The x-axis, or *time dimension* (t), is the one-dimensional timeline referred to
by Haspelmath as a metaphorical extension of space. Its domain (input values) are
continuous, thus the time dimension can be segmented into arbitrary segments or 
spans of various size (see time units like "day", "year", "moment"). 

The y-axis, or *quality dimension* (q), models the phases unique to an event
with points along the axis. Unlike the time dimension, the input values of the
quality dimension must be a whole number (i.e. not fractional) which indicates
how many phases an event consists of. Thus, y=1 is the first phase of an event, 
y=2 is the second, and so on, with most event types being summarized with y=1 to 3. 

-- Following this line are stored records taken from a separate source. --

(* Fix a conic $\mathcal H$ containing points $A, B, C$, and a line $\ell$ containing a point $D$. For a point $E$ varying on $\mathcal H$, let the conic $\mathcal E$ through $A,B,C,D,E$ meet $\ell$ at $F \neq D$. Then line $EF$ passes through a fixed point $G$ on $\mathcal H$ (independent of $E$). *)

(* Points: nonzero row vectors in R^3 (homogeneous coordinates). *)
From HB Require Import structures.
From mathcomp Require Import all_boot all_order all_algebra.
From mathcomp Require Import reals.

Set Implicit Arguments.
Unset Strict Implicit.
Unset Printing Implicit Defensive.

Import GRing.Theory Num.Theory.
Local Open Scope ring_scope.

Section Proj.
Variable R : fieldType.

Definition qform (M : 'M[R]_3) (x : 'rV[R]_3) : R := (x *m M *m x^T) 0 0.

Definition is_conic (M : 'M[R]_3) : Prop := M^T = M /\ M != 0.

Definition nondeg_conic (M : 'M[R]_3) : Prop := is_conic M /\ \det M != 0.

Definition on_conic (M : 'M[R]_3) (x : 'rV[R]_3) : Prop := qform M x = 0.

Definition on_line (l x : 'rV[R]_3) : Prop := (x *m l^T) 0 0 = 0.

Definition proj_eq (x y : 'rV[R]_3) : Prop := exists k : R, k != 0 /\ y = k *: x.

Definition collinear3 (x y z : 'rV[R]_3) : Prop :=
  \det (col_mx x (col_mx y z) : 'M[R]_3) = 0.

End Proj.
Lemma cubics_with_three_roots x y z :
  (\sum_t (([&& cubic_root t x, cubic_root t y & cubic_root t z]
            && [&& x != y, x != z & y != z]) : nat)
   = [&& x != y, x != z & y != z])%N.
Proof.
have [/= distinct|] := boolP [&& x != y, x != z & y != z]; last first.
  by move=> _; rewrite big1 // => t _; rewrite andbF.
case/and3P: (distinct) => nxy nxz nyz.
pose a0 := x + y + z; pose b0 := x ^+ 2 + x * y + y ^+ 2 - a0 * (x + y).
rewrite sum_cubics (bigD1 a0) //= [X in (_ + X)%N]big1 ?addn0 => [|a na]; last first.
  by rewrite big1 // => b _; rewrite big1 // => c _; rewrite andbT cubic_root3 // (negbTE na).
rewrite (bigD1 b0) //= [X in (_ + X)%N]big1 ?addn0 => [|b nb]; last first.
  by rewrite big1 // => c _; rewrite andbT cubic_root3 // (negbTE nb) andbF.
rewrite -[RHS](sum_eq1 (x ^+ 3 - a0 * x ^+ 2 - b0 * x)).
by apply: eq_bigr => c _; rewrite andbT cubic_root3 // !eqxx.
Qed.

Definition nroots (t : F * F * F) : nat := #|[set x | cubic_root t x]|.

(* A cubic has at most three roots: four would force two equal
   quadratic coefficients a = x + y + z = x + y + w. *)
Lemma nroots_le3 t : (nroots t <= 3)%N.
Proof.
rewrite leqNgt; apply/negP => /four_distinct [x [y [z [w [xr yr zr wr]]]]].
case/and5P => nxy nxz nxw nyz /andP [nyw nzw].
move: xr yr zr wr; rewrite !inE; case: t => [[a b] c] xr yr zr wr.
have := cubic_root3 a b c nxy nxz nyz; rewrite xr yr zr => /esym /and3P [/eqP az _ _].
have := cubic_root3 a b c nxy nxw nyw; rewrite xr yr wr => /esym /and3P [/eqP aw _ _].
by move: nzw; rewrite az in aw; move/addrI: aw => ->; rewrite eqxx.
Qed.

Definition rootless (t : F * F * F) : bool := [forall x, ~~ cubic_root t x].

Where the horizontal dotted line represents the situation *before* the door was open, and 
the vertical line represents the immediate change in state. On the q-dimension, there are
therefore 2 coordinates (i.e. 'open' y=1, versus 'not open' y=2). The solid horizontal line represents
the state of the door being open. One could also add an additional point on the time dimension
to represent the position of the speaker, which would align with the open state.

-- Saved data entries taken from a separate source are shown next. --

Lemma gcong_of_gred n u v : (0 < n)%N -> squarefree n ->
  (forall p, prime p -> (p %| n)%N -> (p %% 4 = 3)%N) ->
  (forall p (H : prime p && (p %% 4 == 3)%N), (p %| n)%N -> gred H u = gred H v) ->
  gcong n u v.
Proof.
move=> n_gt0 sqf_n mod4 eq_red.
have dvd_diff p : prime p -> (p %| n)%N ->
    (p%:Z %| u.1 - v.1)%Z /\ (p%:Z %| u.2 - v.2)%Z.
  move=> p_pr p_dvd_n; have H : prime p && (p %% 4 == 3)%N by rewrite p_pr mod4.
  have [/= red1 red2] := (congr1 fst (eq_red p H p_dvd_n), congr1 snd (eq_red p H p_dvd_n)).
  by rewrite !dvdz_Fp // !rmorphB /= red1 red2 !subrr.
by rewrite /gcong !eqz_mod_dvd !squarefree_dvdz // => p p_pr /(dvd_diff p p_pr) [].
Qed.

Lemma squarefree_cofactor n p : squarefree n -> prime p -> (p %| n)%N ->
  coprime p (n %/ p).
Proof.
move=> sqf_n p_pr p_dvd_n; rewrite prime_coprime //; apply/negP => p_dvd_q.
by have := sqf_n p p_pr; rewrite -{1}(divnK p_dvd_n) mulnC dvdn_pmul2l ?prime_gt0 ?p_dvd_q.
Qed.

Lemma coprime_of_cofactor n p c : prime p -> (p %| n)%N ->
  (c%:R : 'F_p) != 0 -> coprime c (n %/ p) -> coprime c n.
Proof.
move=> p_pr p_dvd_n c_neq0 c_q; rewrite -(divnK p_dvd_n) coprimeMr c_q.
by rewrite coprime_sym -unitFpE // unitfE.
Qed.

### On the "observable" versus "unobservable"

The dotted line on the plot above, the phase before the door was opened, models
information not explicitly found in the sentence. In other cases, as will be seen, 
a given constructional network implies a phase that follows the event and extends 
onwards, likewise without any explicit corresponding element in the sentence. 

These are phases that we, as humans, know intuitively from world knowledge about
how these kinds of events unfold and result. But without any means of validating 
our intuition, we are left with a methodological problem. From the perspective of
linguistics as a science, we stand on one side of a great dividing wall between
the unseen and the seen, where the unseen is the concepts, beliefs, practices, 
and customs that lie hidden somewhere in the brain.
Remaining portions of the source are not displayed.